• [WHAT TO DO]: At the line containing "i))^-1 else 1).", begin setting down the entries exactly, and stop only after the last line.
----- MATERIAL SUPPLIED
Definition is_eb_rank (C : numClosedFieldType) (n p : nat)
  (Phi : 'M[C]_n -> 'M[C]_p) (N : nat) : Prop :=
  eb_kraus_rank1 Phi N /\ (forall N', eb_kraus_rank1 Phi N' -> (N <= N')%N).

(* V_i (0-indexed i : 'I_(d+m), rows k : 'I_d, columns j : 'I_(d+m)):
   for i < d+1 (paper's i = 1..d+1): entry (k,j) = 1 iff j = (k + i) mod (d+1);
   for i >= d+1 (paper's i = d+2..d+m): V_i = |J><e_i|, entry (k,j) = 1 iff j = i. *)
Definition Vop (C : numClosedFieldType) (d m : nat) (i : 'I_(d + m)) : 'M[C]_(d, d + m) :=
  \matrix_(k < d, j < d + m)
    (if (i < d.+1)%N then ((j : nat) == ((k + i) %% d.+1)%N)%:R
     else ((j : nat) == (i : nat))%:R).

Definition Phi (C : numClosedFieldType) (d m : nat) (X : 'M[C]_d) : 'M[C]_(d + m) :=
  ((d * (d + m))%:R)^-1 *: \sum_(i < d + m) adjmx (@Vop C d m i) *m X *m @Vop C d m i.

From HB Require Import structures.
From mathcomp Require Import all_boot all_order all_algebra.
From mathcomp Require Import complex cyclic separable cyclotomic zify ring.
Set Implicit Arguments. Unset Strict Implicit. Unset Printing Implicit Defensive.
Import Order.TTheory GRing.Theory Num.Theory.
Local Open Scope ring_scope.

(* The Choi matrix of a Kraus family (K_i)_{i<N} is K^T conj(K), where the rows
   of K are the vectorised K_i.  It is determined by the map alone and has rank
   at most N, so its rank bounds the length of every Kraus decomposition from
   below.  The operators V_i^dagger are pairwise Hilbert-Schmidt orthogonal with
   equal norms, so the Choi matrix of Phi has full rank d + m, and no Kraus
   decomposition of Phi, rank-one or not, is shorter.  Conversely, the first d + 1
   operators are the powers S^i of a cyclic shift; their discrete Fourier
   transforms are the rank-one operators |omega^(a i)>_a <omega^(k i)|_k, which
   have the same Choi matrix because the Fourier matrix is unitary.  The
   remaining operators |J><e_i| have rank one already. *)

Section Adjoint.
Variable C : numClosedFieldType.

Lemma adjmxE p q (A : 'M[C]_(p, q)) i j : adjmx A i j = (A j i)^*.
Proof. by rewrite !mxE. Qed.

Lemma adjmxZ p q (a : C) (A : 'M[C]_(p, q)) : adjmx (a *: A) = a^* *: adjmx A.
Proof. by apply/matrixP => i j; rewrite !mxE rmorphM. Qed.

Lemma adjmxK p q (A : 'M[C]_(p, q)) : adjmx (adjmx A) = A.
Proof. by apply/matrixP => i j; rewrite !mxE conjCK. Qed.

End Adjoint.

Section KrausChoi.
Variables (C : numClosedFieldType) (p n : nat).

Definition kraus_map N (K : 'I_N -> 'M[C]_(p, n)) (X : 'M[C]_n) : 'M[C]_p :=
  \sum_(i < N) K i *m X *m adjmx (K i).

Definition krausmx N (K : 'I_N -> 'M[C]_(p, n)) : 'M[C]_(N, p * n) :=
  \matrix_i mxvec (K i).

Definition choi N (K : 'I_N -> 'M[C]_(p, n)) : 'M[C]_(p * n) :=
  (krausmx K)^T *m map_mx Num.conj (krausmx K).

Lemma sum_mxvec_index (V : nmodType) (F : 'I_(p * n) -> V) :
  \sum_u F u = \sum_a \sum_k F (mxvec_index a k).
Proof.
rewrite pair_bigA (reindex (uncurry (@mxvec_index p n))); first by apply: eq_bigr => -[].
by have [f fK Kf] := curry_mxvec_bij p n; exists f => [x _ | u _]; [apply: fK | apply: Kf].
Qed.

Lemma choiE N (K : 'I_N -> 'M[C]_(p, n)) a k b l :
  choi K (mxvec_index a k) (mxvec_index b l) = \sum_i K i a k * (K i b l)^*.
Proof. by rewrite mxE; apply: eq_bigr => i _; rewrite !mxE !mxvecE. Qed.

Lemma kraus_mapE N (K : 'I_N -> 'M[C]_(p, n)) X a b :
  kraus_map K X a b = \sum_k \sum_l X k l * choi K (mxvec_index a k) (mxvec_index b l).
Proof.
rewrite summxE; under [LHS]eq_bigr => i _ do rewrite mxE.
under [LHS]eq_bigr => i _ do under eq_bigr => l _ do rewrite mxE big_distrl /=.
rewrite exchange_big /=; under eq_bigr => l _ do rewrite exchange_big /=.
rewrite exchange_big /=; apply: eq_bigr => k _; apply: eq_bigr => l _.
by rewrite choiE mulr_sumr; apply: eq_bigr => i _; rewrite adjmxE mulrCA mulrA.
Qed.

Lemma kraus_map_delta N (K : 'I_N -> 'M[C]_(p, n)) a k b l :
  kraus_map K (delta_mx k l) a b = choi K (mxvec_index a k) (mxvec_index b l).
Proof.
rewrite kraus_mapE (bigD1 k) //= [X in _ + X]big1 => [|k' /negbTE nk]; last first.
  by rewrite big1 // => l' _; rewrite mxE nk mul0r.
rewrite addr0 (bigD1 l) //= [X in _ + X]big1 => [|l' /negbTE nl]; last first.
  by rewrite mxE nl andbF mul0r.
by rewrite mxE !eqxx mul1r addr0.
Qed.

Lemma eq_kraus_map_choi N N' (K : 'I_N -> 'M[C]_(p, n)) (K' : 'I_N' -> 'M[C]_(p, n)) :
  kraus_map K =1 kraus_map K' <-> choi K = choi K'.
Proof.
split=> [eqKK' | eq_choi X]; last by apply/matrixP => a b; rewrite !kraus_mapE eq_choi.
apply/matrixP => u v; case/mxvec_indexP: u => a k; case/mxvec_indexP: v => b l.
by rewrite -!kraus_map_delta eqKK'.
Qed.

Lemma rank_choi_le N (K : 'I_N -> 'M[C]_(p, n)) : (\rank (choi K) <= N)%N.
Proof. exact: leq_trans (mxrankM_maxl _ _) (rank_leq_col _). Qed.

Lemma rank_choi_orthogonal N (K : 'I_N -> 'M[C]_(p, n)) (g : C) : g != 0 ->
  (forall i j, \sum_a \sum_k (K i a k)^* * K j a k = g * (i == j)%:R) ->
  \rank (choi K) = N.
Proof.
move=> g_neq0 orthoK; apply/eqP; rewrite eqn_leq rank_choi_le /=.
have gramK : map_mx Num.conj (krausmx K) *m (krausmx K)^T = g%:M.
  apply/matrixP => i j; rewrite !mxE -mulr_natr -orthoK sum_mxvec_index.
  by apply: eq_bigr => a _; apply: eq_bigr => k _; rewrite !mxE !mxvecE.
have rank_gg : \rank ((g * g)%:M : 'M[C]_N) = N.
  by apply: mxrank_unit; rewrite unitmxE det_scalar unitfE expf_neq0 ?mulf_neq0.
have sandwich : map_mx Num.conj (krausmx K) *m choi K *m (krausmx K)^T = (g * g)%:M.
  by rewrite /choi !mulmxA gramK -mulmxA gramK scalar_mxM.
rewrite -{1}rank_gg -sandwich.
exact: leq_trans (mxrankM_maxl _ _) (mxrankM_maxr _ _).
Qed.
End KrausChoi.

Lemma rank_outer (F : fieldType) p q (u : 'cV[F]_p) (v : 'rV[F]_q) :
  u != 0 -> v != 0 -> \rank (u *m v) = 1%N.
Proof.
move=> u_neq0 v_neq0; rewrite mxrankMfree; last by rewrite /row_free rank_rV v_neq0.
by rewrite -mxrank_tr rank_rV trmx_eq0 u_neq0.
Qed.

Lemma sum_indicatorM (R : pzSemiRingType) P (x y : nat) : (x < P)%N ->
  \sum_(a < P) (((a : nat) == x)%:R * ((a : nat) == y)%:R : R) = (x == y)%:R.
Proof.
move=> x_lt_P; rewrite (bigD1 (Ordinal x_lt_P)) //= big1 ?eqxx ?mul1r ?addr0 //.
by move=> a; rewrite -val_eqE /= => /negbTE->; rewrite mul0r.
Qed.

Lemma sum_shift_indicators (R : pzSemiRingType) (n k l a b : nat) :
  \sum_(i < n) ((a == (k + i) %% n)%N%:R * (b == (l + i) %% n)%N%:R : R) =
  [&& a < n, b < n & a + l == b + k %[mod n]]%N%:R.
Proof.
have mod_lt (i : 'I_n) x : (x %% n < n)%N by rewrite ltn_pmod // (leq_ltn_trans _ (ltn_ord i)).
have [a_lt_n|a_ge_n] := ltnP a n; last first.
  by rewrite big1 // => i _; rewrite gtn_eqF ?mul0r // (leq_trans (mod_lt i _)).
have [b_lt_n|b_ge_n] := ltnP b n; last first.
  by rewrite big1 // => i _; rewrite [b == _]gtn_eqF ?mulr0 // (leq_trans (mod_lt i _)).
have n_gt0 : (0 < n)%N by apply: leq_ltn_trans a_lt_n.
have [i0 k_i0] : {i0 : 'I_n | k + i0 = a %[mod n]}%N.
  exists (Ordinal (ltn_pmod (a + (n - k %% n)) n_gt0)).
  rewrite /= modnDmr; have -> : (k + (a + (n - k %% n)) = (k %/ n).+1 * n + a)%N.
    by have := ltn_pmod k n_gt0; have := divn_eq k n; lia.
  by rewrite modnMDl.
have shift_i0 (i : 'I_n) : (a == (k + i) %% n)%N = (i == i0).
  rewrite -(modn_small a_lt_n) -k_i0 eqn_modDl !modn_small //.
  by rewrite eq_sym -val_eqE.
rewrite (bigD1 i0) //= big1 => [|i /negbTE ne_i0]; last by rewrite shift_i0 ne_i0 mul0r.
have l_i0 : (l + i0 + k = a + l %[mod n])%N.
  by rewrite -addnA [(i0 + k)%N]addnC -modnDmr k_i0 modnDmr [(l + a)%N]addnC.
rewrite shift_i0 eqxx mul1r addr0 /= -{1}(modn_small b_lt_n) -(eqn_modDr k).
by rewrite l_i0 eq_sym.
Qed.

Lemma conjC_unity_root (C : numClosedFieldType) n (z : C) :
  (0 < n)%N -> z ^+ n = 1 -> z^* = z^-1.
Proof.
move=> n_gt0 zn1; have norm_z : `|z| = 1.
  by apply/eqP; rewrite -(pexpr_eq1 n_gt0) // -normrX zn1 normr1.
by rewrite invC_norm norm_z expr1n invr1 mul1r.
Qed.

Lemma sum_prim_root_expr (F : fieldType) n (w : F) : n.-primitive_root w ->
  forall x y, \sum_(i < n) (w ^+ x / w ^+ y) ^+ i = (x == y %[mod n])%:R * n%:R.
Proof.
move=> prim_w x y; have n_gt0 := prim_order_gt0 prim_w.
have w_neq0 : w != 0.
  apply: contra_eq_neq (prim_expr_order prim_w) => ->.
  by rewrite expr0n gtn_eqF // eq_sym oner_neq0.
set z := w ^+ x / w ^+ y.
have z_eq1 : (z == 1) = (x == y %[mod n])%N.
  rewrite -(eq_prim_root_expr prim_w); apply/eqP/eqP => [/divr1_eq // | eq_xy].
  by rewrite /z eq_xy divff // expf_neq0.
have [z1|z_neq1] := eqVneq z 1.
  rewrite z1 -z_eq1 z1 eqxx mul1r.
  by under eq_bigr do rewrite expr1n; rewrite sumr_const card_ord.
have zn1 : z ^+ n = 1.
  rewrite exprMn exprVn [w ^+ x ^+ n]exprAC [w ^+ y ^+ n]exprAC.
  by rewrite (prim_expr_order prim_w) !expr1n invr1 mulr1.
have := subrX1 z n; rewrite zn1 subrr => /esym/eqP.
by rewrite mulf_eq0 subr_eq0 (negbTE z_neq1) -z_eq1 (negbTE z_neq1) mul0r => /eqP.
Qed.

Lemma closed_prim_root_exists (F : closedFieldType) n :
  (0 < n)%N -> n%:R != 0 :> F -> {z : F | n.-primitive_root z}.
Proof.
move=> n_gt0 n_neq0; pose p : {poly F} := 'X^n - 1.
have [r Dp] := closed_field_poly_normal p.
apply/sigW; rewrite (monicP _) ?monicXnsubC // scale1r in Dp.
have rn1 : all n.-unity_root r by apply/allP => z; rewrite -root_prod_XsubC -Dp.
have sz_r : (n < (size r).+1)%N by rewrite -(size_prod_XsubC r id) -Dp size_XnsubC.
have [|z] := hasP (has_prim_root n_gt0 rn1 _ sz_r); last by exists z.
by rewrite -separable_prod_XsubC -Dp separable_Xn_sub_1.
Qed.

Section KrausPhi.
Variables (C : numClosedFieldType) (d m : nat).
Hypotheses (d_gt0 : (0 < d)%N) (m_gt0 : (0 < m)%N).
Local Notation n := d.+1.

Lemma n_le_dm : (n <= d + m)%N.
Proof. by rewrite -addn1 leq_add2l. Qed.

Definition vcol (i : 'I_(d + m)) (k : 'I_d) : nat :=
  if (i < n)%N then ((k + i) %% n)%N else i.

Lemma VopE i k a : @Vop C d m i k a = ((a : nat) == vcol i k)%:R.
Proof. by rewrite mxE /vcol; case: ifP. Qed.

Lemma vcol_lt i k : (vcol i k < d + m)%N.
Proof.
by rewrite /vcol; case: ifP => // _; apply: leq_trans (ltn_pmod _ _) n_le_dm.
Qed.

Lemma vcol_inj k : injective (vcol ^~ k).
Proof.
move=> i j; rewrite /vcol => eq_ij; apply: val_inj => /=; move: eq_ij.
case: ifP => i_lt_n; case: ifP => j_lt_n.
- by move/eqP; rewrite eqn_modDl !modn_small // => /eqP.
- by move=> eq_ij; move: j_lt_n; rewrite -eq_ij ltn_pmod.
- by move=> eq_ij; move: i_lt_n; rewrite eq_ij ltn_pmod.
- by [].
Qed.

Definition Phi_scale : C := ((d * (d + m))%:R)^-1.

Lemma Phi_scale_gt0 : 0 < Phi_scale.
Proof. by rewrite invr_gt0 ltr0n muln_gt0 d_gt0 addn_gt0 d_gt0. Qed.

Lemma conj_sqrt_Phi_scale : (sqrtC Phi_scale)^* = sqrtC Phi_scale.
Proof. by rewrite geC0_conj // sqrtC_ge0 ltW // Phi_scale_gt0. Qed.

Lemma sqrt_Phi_scaleK : sqrtC Phi_scale * sqrtC Phi_scale = Phi_scale.
Proof. by rewrite -expr2 sqrtCK. Qed.

Definition shiftK (i : 'I_(d + m)) : 'M[C]_(d + m, d) :=
  sqrtC Phi_scale *: adjmx (@Vop C d m i).

Lemma shiftKE i a k : shiftK i a k = sqrtC Phi_scale * ((a : nat) == vcol i k)%:R.
Proof. by rewrite [LHS]mxE adjmxE VopE rmorph_nat. Qed.

Lemma conj_shiftK i a k : (shiftK i a k)^* = shiftK i a k.
Proof. by rewrite shiftKE rmorphM /= conjC_nat conj_sqrt_Phi_scale. Qed.

Lemma Phi_shiftK : @Phi C d m =1 kraus_map shiftK.
Proof.
move=> X; rewrite /Phi scaler_sumr; apply: eq_bigr => i _.
rewrite /shiftK adjmxZ adjmxK conj_sqrt_Phi_scale -!scalemxAl -scalemxAr.
by rewrite scalerA sqrt_Phi_scaleK.
Qed.

Lemma shiftK_orthogonal i j :
  \sum_a \sum_k (shiftK i a k)^* * shiftK j a k = Phi_scale * d%:R * (i == j)%:R.
Proof.
rewrite exchange_big /= (eq_bigr (fun=> Phi_scale * (i == j)%:R)) => [|k _].
  by rewrite sumr_const card_ord [RHS]mulrAC [RHS]mulr_natr.
under eq_bigr => a _ do rewrite conj_shiftK !shiftKE mulrACA sqrt_Phi_scaleK.
by rewrite -mulr_sumr sum_indicatorM ?vcol_lt // (inj_eq (@vcol_inj k)).
Qed.

Lemma kraus_Phi_size_ge N (K : 'I_N -> 'M[C]_(d + m, d)) :
  @Phi C d m =1 kraus_map K -> (d + m <= N)%N.
Proof.
move=> PhiK; have d_neq0 : Phi_scale * d%:R != 0.
  by rewrite mulf_neq0 ?pnatr_eq0 -?lt0n // gt_eqF // Phi_scale_gt0.
rewrite -(rank_choi_orthogonal d_neq0 shiftK_orthogonal).
have /eq_kraus_map_choi -> : kraus_map shiftK =1 kraus_map K.
  by move=> X; rewrite -Phi_shiftK PhiK.
exact: rank_choi_le.
Qed.

Lemma choi_shiftK_cyclic a k b l :
  \sum_(i < d + m | (i < n)%N) shiftK i a k * (shiftK i b l)^* =
  Phi_scale * [&& a < n, b < n & a + l == b + k %[mod n]]%N%:R.
Proof.
pose F i := Phi_scale * (((a : nat) == (k + i) %% n)%N%:R * ((b : nat) == (l + i) %% n)%N%:R).
rewrite (eq_bigr (fun i : 'I_(d + m) => F i)) => [|i i_lt_n].
  by rewrite -(big_ord_widen _ F n_le_dm) -mulr_sumr sum_shift_indicators.
by rewrite conj_shiftK !shiftKE /vcol i_lt_n mulrACA sqrt_Phi_scaleK.
Qed.

Variable w : C.
Hypothesis w_prim : n.-primitive_root w.

Lemma conj_w_expr t : (w ^+ t)^* = (w ^+ t)^-1.
Proof.
apply: (conjC_unity_root (ltn0Sn d)).
by rewrite exprAC (prim_expr_order w_prim) expr1n.
Qed.

Definition fourier_col (i : 'I_(d + m)) : 'cV[C]_(d + m) :=
  \col_a (if (i < n)%N then sqrtC (Phi_scale / n%:R) * (a < n)%N%:R * w ^+ (a * i)
          else sqrtC Phi_scale * ((a : nat) == i)%:R).

Definition fourier_row (i : 'I_(d + m)) : 'rV[C]_d :=
  \row_k (if (i < n)%N then (w ^+ (k * i))^-1 else 1).

Definition fourierK i := fourier_col i *m fourier_row i.

Lemma fourierKE i a k : fourierK i a k = fourier_col i a 0 * fourier_row i 0 k.
Proof. by rewrite mxE big_ord1. Qed.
----------
• [FINISHED EXERCISE]:
  \row_k (if (i < n)%N then (w ^+ (k * i))^-1 else 1).

Definition fourierK i := fourier_col i *m fourier_row i.

Lemma fourierKE i a k : fourierK i a k = fourier_col i a 0 * fourier_row i 0 k.
Proof. by rewrite mxE big_ord1. Qed.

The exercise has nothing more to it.